Algeria
Vandals and Byzantines
Led by their king, Gaiseric, some 80,000 Vandals, a Germanic
tribe, crossed into Africa from Spain in 429. In the following
year, the invaders advanced without much opposition to Hippo Regius,
which they took after a siege in which Augustine died. After further
advances, the Vandals in 435 made an agreement with Rome to limit
their control to Numidia and Mauretania. But in 439 Gaiseric conquered
and pillaged Carthage and the rest of the province of Africa.

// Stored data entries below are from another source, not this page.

(* Let $G=A*_C\varphi$ with $|A/C|\ge2$, $|A/\varphi(C)|\ge2$ and generating set $\{t\}\cup(A\setminus\{1\})$. Fix $g\in A\setminus C$ and $h\in A\setminus\varphi(C)$ and for $i\ge0$ let $$w_i=t^{10^i}gt^{-10^i}h\,t^{10^i}g^{-1}t^{-10^i}h^{-1}\,t^{2\cdot10^i}gt^{-2\cdot10^i}h\,t^{3\cdot10^i}g^{-1}t^{-3\cdot10^i}h^{-1}.$$ Then: (1) $c_{w_i}(\overline{w_i^n})=n$ for all $i\ge0$, $n\ge1$; (2) $c_{w_i^{-1}}(\overline{w_i^n})=0$ for all $i\ge0$, $n\ge1$; (3) $c_{w_j}(\overline{w_i^n})=c_{w_j^{-1}}(\overline{w_i^n})=0$ for all $j>i\ge0$, $n\ge1$; (4) $\overline{w_i}\in[G,G]$ for all $i\ge0$.
   Context: $A$ is a group, $C\le A$, $\varphi:C\to A$ an injective homomorphism, $G=A*_C\varphi=\langle A,t\mid c=t^{-1}\varphi(c)t\ \forall c\in C\rangle$. Words are finite sequences of letters from $\{t,t^{-1}\}\cup(A\setminus\{1\})$; $\bar u$ is the element represented, $|u|$ the length, $u^{-1}$ the formal inverse word, $|x|$ the word length of $x\in G$. For a nonempty word $w$ and a word $u$, $|u|_w$ is the maximal number of pairwise non-overlapping occurrences of $w$ as a contiguous subword of $u$, and $c_w(x)=|x|-\min\{|v|-|v|_w:\bar v=x\}$. *)

From Stdlib Require Import List Arith.
Import ListNotations.

Record Grp := {
  gcar :> Type;
  gmul : gcar -> gcar -> gcar;
  gone : gcar;
  ginv : gcar -> gcar;
  gmulA : forall x y z, gmul x (gmul y z) = gmul (gmul x y) z;
  gmul1 : forall x, gmul gone x = x;
  gmulV : forall x, gmul (ginv x) x = gone }.

Arguments gmul {g}. Arguments gone {g}. Arguments ginv {g}.

Inductive letter (A : Type) := LT | LTi | LA (a : A).
Arguments LT {A}. Arguments LTi {A}. Arguments LA {A} a.

Definition is_word (A : Grp) (u : list (letter A)) : Prop :=
  forall a, In (LA a) u -> a <> gone.

Definition linv (A : Grp) (x : letter A) : letter A :=
  match x with LT => LTi | LTi => LT | LA a => LA (ginv a) end.

Definition winv (A : Grp) (u : list (letter A)) : list (letter A) :=
  rev (map (linv A) u).

Definition is_subgroup (A : Grp) (C : A -> Prop) : Prop :=
  C gone /\ forall x y, C x -> C y -> C (gmul x (ginv y)).

(* phi : C -> A injective homomorphism (values of phi outside C irrelevant) *)
Definition is_inj_hom (A : Grp) (C : A -> Prop) (phi : A -> A) : Prop :=
  (forall x y, C x -> C y -> phi (gmul x y) = gmul (phi x) (phi y)) /\
  (forall x y, C x -> C y -> phi x = phi y -> x = y).

(* u and v represent the same element of G = A *_C phi :
   congruence generated by the multiplication table of A, t t^-1 = 1,
   and c = t^{-1} phi(c) t for c in C. *)
Inductive hnn_eq (A : Grp) (C : A -> Prop) (phi : A -> A) :
  list (letter A) -> list (letter A) -> Prop :=
| he_refl u : hnn_eq A C phi u u
| he_sym u v : hnn_eq A C phi u v -> hnn_eq A C phi v u
| he_trans u v w : hnn_eq A C phi u v -> hnn_eq A C phi v w -> hnn_eq A C phi u w
| he_ctx x u v y : hnn_eq A C phi u v -> hnn_eq A C phi (x ++ u ++ y) (x ++ v ++ y)
| he_one : hnn_eq A C phi [LA gone] []
| he_mul a b : hnn_eq A C phi [LA a; LA b] [LA (gmul a b)]
| he_tti : hnn_eq A C phi [LT; LTi] []
| he_tit : hnn_eq A C phi [LTi; LT] []
| he_conj c : C c -> hnn_eq A C phi [LA c] [LTi; LA (phi c); LT].

(* u contains k pairwise non-overlapping occurrences of w *)
Definition occ_k (A : Type) (w u : list (letter A)) (k : nat) : Prop :=
  exists (x0 : list (letter A)) (xs : list (list (letter A))),
    length xs = k /\ u = x0 ++ concat (map (fun x => w ++ x) xs).

Definition count_occ (A : Type) (w u : list (letter A)) (k : nat) : Prop :=
  occ_k A w u k /\ forall k', occ_k A w u k' -> k' <= k.

Definition is_min (P : nat -> Prop) (m : nat) : Prop :=
  P m /\ forall k, P k -> m <= k.

Definition word_length (A : Grp) (C : A -> Prop) (phi : A -> A)
  (x : list (letter A)) (L : nat) : Prop :=
  is_min (fun l => exists v, is_word A v /\ hnn_eq A C phi v x /\ length v = l) L.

The resulting decline in trade weakened Roman control. Independent
kingdoms emerged in mountainous and desert areas, towns were overrun,
and Berbers, who had previously been pushed to the edges of the
Roman Empire, returned.
Belisarius, general of the Byzantine emperor Justinian based
in Constantinople, landed in North Africa in 533 with 16,000 men
and within a year destroyed the Vandal kingdom. Local opposition
delayed full Byzantine control of the region for twelve years,
however, and imperial control, when it came, was but a shadow
of the control exercised by Rome. Although an impressive series
of fortifications were built, Byzantine rule was compromised by
official corruption, incompetence, military weakness, and lack
of concern in Constantinople for African affairs. As a result,
many rural areas reverted to Berber rule.